Governor General Michaelle Jean, the representative of the Queen as Canada's head of state, gutted the seal and swallowed a slice of the mammal's organ.

Asked if her actions were a message to the EU, which this month voted to impose a ban on seal products on grounds of cruelty, Jean replied: "Take from that what you will."

Hundreds of Inuit at a community festival gathered on Monday night as Jean knelt above a pair of seal carcasses and used a traditional ulu blade to slice the meat off the skin.

After cutting through the flesh, Jean turned to the woman beside her and asked: "Could I try the heart?"

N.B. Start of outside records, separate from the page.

Definition crossing (K y : R) : R :=
  (if Rle_dec K y then 1 else 0) - (if Rlt_dec y (- K) then 1 else 0).

Lemma crossing_scale (Rr K y : R) : 0 < Rr -> crossing (Rr * K) (Rr * y) = crossing K y.
Proof.
  intros HR. unfold crossing.
  destruct (Rle_dec (Rr * K) (Rr * y)), (Rle_dec K y), (Rlt_dec (Rr * y) (- (Rr * K))),
    (Rlt_dec y (- K)); nra.
Qed.

Lemma Z_le_Int_part (m : Z) (x : R) : (m <= Int_part x)%Z <-> IZR m <= x.
Proof.
  destruct (base_Int_part x) as [Hlo Hhi]. split; intros Hm.
  - apply IZR_le in Hm. lra.
  - enough (m < Int_part x + 1)%Z by lia.
    apply lt_IZR. rewrite plus_IZR. lra.
Qed.

Definition indicator_lt (k : nat) (n : Z) : R := if Z_lt_dec (Z.of_nat k) n then 1 else 0.

Lemma crossing_half_integer k y :
  crossing (INR k + 1/2) y
  = indicator_lt k (Int_part (y + 1/2)) - indicator_lt k (- Int_part (y + 1/2)).
Proof.
  unfold crossing, indicator_lt. rewrite INR_IZR_INZ.
  set (n := Int_part (y + 1/2)).
  assert (Hup : IZR (Z.of_nat k) + 1/2 <= y <-> (Z.of_nat k < n)%Z).
  { unfold n. rewrite <- Z.le_succ_l, <- Z.add_1_r, Z_le_Int_part, plus_IZR. lra. }
  assert (Hdown : y < - (IZR (Z.of_nat k) + 1/2) <-> (Z.of_nat k < - n)%Z).
  { assert (H := Z_le_Int_part (- Z.of_nat k) (y + 1/2)). rewrite opp_IZR in H. fold n in H.
    split; intros Hk.
    - enough (~ (- Z.of_nat k <= n)%Z) by lia. rewrite H. lra.
    - enough (~ (- Z.of_nat k <= n)%Z) by (rewrite H in *; lra). lia. }
  f_equal.
  - destruct (Rle_dec _ y), (Z_lt_dec _ n); first [reflexivity | exfalso; tauto].
  - destruct (Rlt_dec y _), (Z_lt_dec _ (- n)); first [reflexivity | exfalso; tauto].
Qed.

Lemma sum_lt_indicator_lt (n : Z) M :
  sum_lt (fun k => indicator_lt k n) M = IZR (Z.min (Z.of_nat M) (Z.max n 0)).
Proof.
  induction M as [| M IH]; simpl sum_lt.
  { replace (Z.min (Z.of_nat 0) (Z.max n 0)) with 0%Z by lia. reflexivity. }
  rewrite IH, Nat2Z.inj_succ. unfold indicator_lt.
  destruct (Z_lt_dec (Z.of_nat M) n).
  - replace (Z.min (Z.succ (Z.of_nat M)) (Z.max n 0)) with (Z.min (Z.of_nat M) (Z.max n 0) + 1)%Z
      by lia.
    rewrite plus_IZR. ring.
  - replace (Z.min (Z.succ (Z.of_nat M)) (Z.max n 0)) with (Z.min (Z.of_nat M) (Z.max n 0))
      by lia.
    ring.
Qed.

Lemma floorR_half_eq_sum_crossing y M :
  (- Z.of_nat M <= Int_part (y + 1/2) <= Z.of_nat M)%Z ->
  floorR (y + 1/2) = sum_lt (fun k => crossing (INR k + 1/2) y) M.
Proof.
  intros HM.
  transitivity (sum_lt (fun k => indicator_lt k (Int_part (y + 1/2))) M
                - sum_lt (fun k => indicator_lt k (- Int_part (y + 1/2))) M).
  - rewrite !sum_lt_indicator_lt, <- minus_IZR. unfold floorR. f_equal. lia.
  - clear HM. induction M as [| M IH]; simpl; [ring |].
    rewrite <- IH, crossing_half_integer. ring.
Qed.

Lemma is_RInt_sum_lt (F : nat -> R -> R) (v : nat -> R) a b n :
  (forall k, (k < n)%nat -> is_RInt (F k) a b (v k)) ->
  is_RInt (fun t => sum_lt (fun k => F k t) n) a b (sum_lt v n).
Proof.
  induction n as [| n IH]; intros HF; simpl.
  - assert (H0 := is_RInt_const a b (0 : R)).
    change (scal (b - a) (0 : R)) with ((b - a) * 0) in H0. rewrite Rmult_0_r in H0.
    exact H0.
  - exact (is_RInt_plus _ _ _ _ _ _ (IH (fun k Hk => HF k ltac:(lia))) (HF n ltac:(lia))).
Qed.

Lemma is_RInt_step_cos (h : R -> R) (s a b : R) :
  a <= b -> (forall t, a < t < b -> h t = s) ->
  is_RInt (fun t => h t * cos t) a b (s * (sin b - sin a)).
Proof.
  intros Hab Hh.
  apply (is_RInt_ext (fun t => s * cos t)).
  { rewrite Rmin_left, Rmax_right by lra. intros t Ht. rewrite Hh; auto. }
  replace (s * (sin b - sin a)) with (minus (s * sin b) (s * sin a))
    by (unfold minus, plus, opp; simpl; ring).
  apply (is_RInt_derive (fun t => s * sin t)).
  - intros t _. auto_derive; [exact I | ring].
  - intros t _. apply (ex_derive_continuous (fun t => s * cos t)). auto_derive. exact I.
Qed.

Lemma is_RInt_cos_sq : is_RInt (fun t => cos t * cos t) (- PI) PI PI.
Proof.
  set (F := fun t => (t + sin t * cos t) / 2).
  replace PI with (minus (F PI) (F (- PI))) at 3
    by (unfold F, minus, plus, opp; simpl; rewrite sin_neg, sin_PI; field).
  apply (is_RInt_derive F).
  - intros t _. unfold F. auto_derive; [exact I |].
    assert (H := sin2_cos2 t). unfold Rsqr in H. nra.
  - intros t _. apply (ex_derive_continuous (fun t => cos t * cos t)). auto_derive. exact I.
Qed.

Lemma cos_Rabs t : cos (Rabs t) = cos t.
Proof. unfold Rabs. destruct (Rcase_abs t); [apply cos_neg | reflexivity]. Qed.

She swallowed a piece whole and deemed it tasty, saying: "It's like sushi. And it's very rich in protein."

... ... ...
High Seas
 
  -2  
Reply Tue 26 May, 2009 03:38 pm
@Walter Hinteler,
Great, fantastic, and magnificent - thank you, Walter. I myself have, by way of reference, eaten eyeballs of sheep while working in Saudi Arabia and being seated to the right of the host (senior member of the royal family) at dinner (after being declared an honorary man, as their local custom requires) and I want to tell you that disgusting and horrendous as the poor sheep's eyes were, at least I KNEW the poor animal had been killed in the most humane manner possible, by cutting off its carotid arteries with extremely sharp knives on both sides - n0 anatomy expertise required here to tell you that procedure is fairly instantaneous, since our own carotid arteries lie in the same location.

So THEREFORE I question your motives (your expertise and/or your search capabilities never having been in question) in CONFLATING the above with ANYTHING relating to torture of newborn animals or of ANY other animals as UNQUESTIONABLY happens in the Arctic.

I know there are questions about Guantanamo torture of human prisoners but I don't worry about everything in the universe - only what I want and can change massively FOR THE BETTER. Tschuess.

PS you know my family, so you never will wonder why we believe (better late than never) that the biggest caliber guns should be used immediately upon commencement of any hostile action SmileSmileSmile
0 Replies
 
High Seas
 
  -2  
Reply Tue 26 May, 2009 03:59 pm
@Walter Hinteler,
Walter Hinteler wrote:


Canada's governor general ate a slaughtered seal's raw heart..............


In case nobody here knows who this "governor general" IS, she's a Haitian immigrant born in a family where they habitually tore up chickens from limb to limb by brute force while the birds were still alive. And, naturally, ate them raw, since there was no firewood left in Haiti - they just cut trees down, never replant anything, as is the primitive African manner - in order make a fire to cook the bits of the tortured bird - unless Walter, our local presumed Haitian-quasi-Canadian (misrule Brittania?) VOODOO expert, is of another opinion.